Alors que la Chine n'hésite plus à affirmer ses ambitions territoriales face au Japon et aux États-Unis, les pays d'Asie du Sud-Est craignent d'être pris en tenailles entre les géants américain et chinois.

La Chine a une long liste de différends frontaliers sur terre comme sur mer, des confins de l'Himalaya face à l'Inde, aux îles Spratleys, dont elle se dispute la souveraineté avec les Philippines, Bruneï, la Malaisie, Taïwan et le Vietnam.

Ces pays d'Asie du Sud-Est se retrouvent aujourd'hui dans la position embarrassante de défendre leurs intérêts territoriaux face à un géant économique qu'ils ne peuvent se permettre d'offenser.

Ils suivent donc avec attention l'évolution des tensions sino-japonaises autour d'îlots de mer de Chine orientale revendiqués par les deux pays.

Ils ont pris aussi bonne note de l'avertissement lancé par Pékin sur la Mer de Chine du Sud à la veille de la rencontre du président américain Barack Obama avec les dirigeants de l'Association des nations de l'Asie du Sud-Est (Asean), vendredi à New York.

«Nous sommes résolument opposés à ce que des pays non concernés interfèrent dans les différends» territoriaux opposant la Chine à d'autres pays de la région, a averti la porte-parole du ministère des Affaires étrangères, Jiang Yu.

Les pays d'Asie du Sud-Est craignent de se retrouver «coincés entre deux buffles qui se tiennent tête», résume Simon Tay, de l'Institut des Affaires internationales à Singapour. Si Pékin et Washington «commencent à exhiber leurs muscles», les dix pays de l'Asean «devront montrer un front uni et ne pas être divisés, comme durant la Guerre froide», conseille-t-il.

La Chine cherche traditionnellement à régler les disputes par des négociations bilatérales avec chaque pays concerné, s'opposant à leur «internationalisation».

C'est donc sans surprise qu'elle a mal accueilli la proposition faite par la secrétaire d'État Hillary Clinton d'une approche multilatérale de la question de la Mer de Chine du Sud. La résolution de ces disputes est «une priorité diplomatique majeure des États-Unis», avait-elle insisté en juillet à Hanoi.

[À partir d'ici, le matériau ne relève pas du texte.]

Lemma in_tri_child p h Q (i k : nat) z : (i + k < Q)%nat ->
  in_tri a b c (padd p (pscal (h / INR Q) (vec (INR i) (INR k)))) (h / INR Q) z ->
  in_tri a b c p h z.
Proof.
  intros Hik [s [t [Hs [Ht [Hst ->]]]]].
  assert (HQ : INR i + INR k + 1 <= INR Q) by (rewrite <- plus_INR, <- S_INR; apply le_INR; lia).
  pose proof (pos_INR i). pose proof (pos_INR k).
  exists ((INR i + s) / INR Q), ((INR k + t) / INR Q).
  assert (HQinv : 0 < / INR Q) by (apply Rinv_0_lt_compat; lra).
  repeat split.
  - apply Rmult_le_pos; lra.
  - apply Rmult_le_pos; lra.
  - replace ((INR i + s) / INR Q + (INR k + t) / INR Q) with ((INR i + INR k + s + t) * / INR Q)
      by (field; lra).
    rewrite <- (Rinv_r (INR Q)) by lra. apply Rmult_le_compat_r; lra.
  - point_eq; field; lra.
Qed.

Inductive kept_from (qs : nat -> nat) (p0 : R2) (h0 : R) : nat -> R2 -> R -> Prop :=
| kept_from_root : kept_from qs p0 h0 0 p0 h0
| kept_from_child : forall m p h (i k : nat),
    kept_from qs p0 h0 m p h -> (i + k < qs (S m))%nat ->
    kept_from qs p0 h0 (S m)
      (padd p (pscal (h / INR (qs (S m))) (vec (INR i) (INR k)))) (h / INR (qs (S m))).

Lemma kept_iff_kept_from qs j p h : kept a b c qs j p h <-> kept_from qs a 1 j p h.
Proof. split; induction 1; constructor; assumption. Qed.

Lemma kept_from_split qs p0 h0 m1 m2 p h :
  kept_from qs p0 h0 (m1 + m2) p h ->
  exists p1 h1, kept_from qs p0 h0 m1 p1 h1 /\ kept_from (fun i => qs (m1 + i)%nat) p1 h1 m2 p h.
Proof.
  revert p h. induction m2 as [|m2 IH]; intros p h H.
  - rewrite Nat.add_0_r in H. exists p, h. split; [exact H | constructor].
  - rewrite Nat.add_succ_r in H. inversion H as [|m p' h' i k Hpar Hik]; subst.
    destruct (IH _ _ Hpar) as [p1 [h1 [Hanc Hdesc]]].
    exists p1, h1. split; [exact Hanc|].
    rewrite <- Nat.add_succ_r in *. apply (kept_from_child (fun i => qs (m1 + i)%nat)); assumption.
Qed.

Lemma kept_from_trans qs p0 h0 m1 m2 p1 h1 p h :
  kept_from qs p0 h0 m1 p1 h1 -> kept_from (fun i => qs (m1 + i)%nat) p1 h1 m2 p h ->
  kept_from qs p0 h0 (m1 + m2) p h.
Proof.
  intros Hanc Hdesc. induction Hdesc as [|m p h i k Hdesc IH Hik].
  - rewrite Nat.add_0_r. exact Hanc.
  - rewrite Nat.add_succ_r in *. apply kept_from_child; assumption.
Qed.

Lemma kept_from_in_tri qs p0 h0 m p h z :
  kept_from qs p0 h0 m p h -> in_tri a b c p h z -> in_tri a b c p0 h0 z.
Proof.
  intros H. revert z. induction H as [|m p h i k Hpar IH Hik]; intros z Hz; [exact Hz|].
  apply IH. exact (in_tri_child p h _ i k z Hik Hz).
Qed.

Pour Pékin, la question ne se pose pas car «la Chine possède des droits de souveraineté indiscutables sur les îles de la mer de Chine de Sud et les eaux adjacentes», a rappelé mardi Mme Jiang. Soit une zone très étendue entre le Vietnam, la Malaisie et les Philippines. S'y trouvent notamment des hauts-fonds riches en hydrocarbures près des archipels des Paracels et des Spratleys.

Pékin envisage cependant avec l'Asean une évaluation commune des hauts fonds et du potentiel de la zone en hydrocarbures.

Quelques pays, comme le Vietnam qui s'était battu contre la Chine en 1998, ont salué la nouvelle fermeté des États-Unis, considérés comme un précieux contre-poids à Pékin.

Mais d'autres pays ne sont pas aussi enthousiastes. La Thaïlande, le Cambodge et Singapour «ne veulent absolument pas d'une confrontation entre les États-Unis et la Chine qui les obligerait à choisir un camp, ce qu'ils ne veulent surtout pas», affirme Li Mingjiang, de l'Ecole S. Rajaratnam School d'études internationales de Singapour.

«L'intérêt de l'Asie du Sud-Est est la poursuite de la stabilité et le maintien de la liberté de navigation» afin de préserver son envol économique, souligne Rodolfo Severino, ancien secrétaire-général de l'Asean.

Pour Ernest Bower, du Centre des Études stratégiques et internationales de Washington, la nouvelle dynamique liée à l'essor de la Chine présente à la fois «une grande opportunité et un risque élevé» pour l'une des régions les plus dynamiques au monde.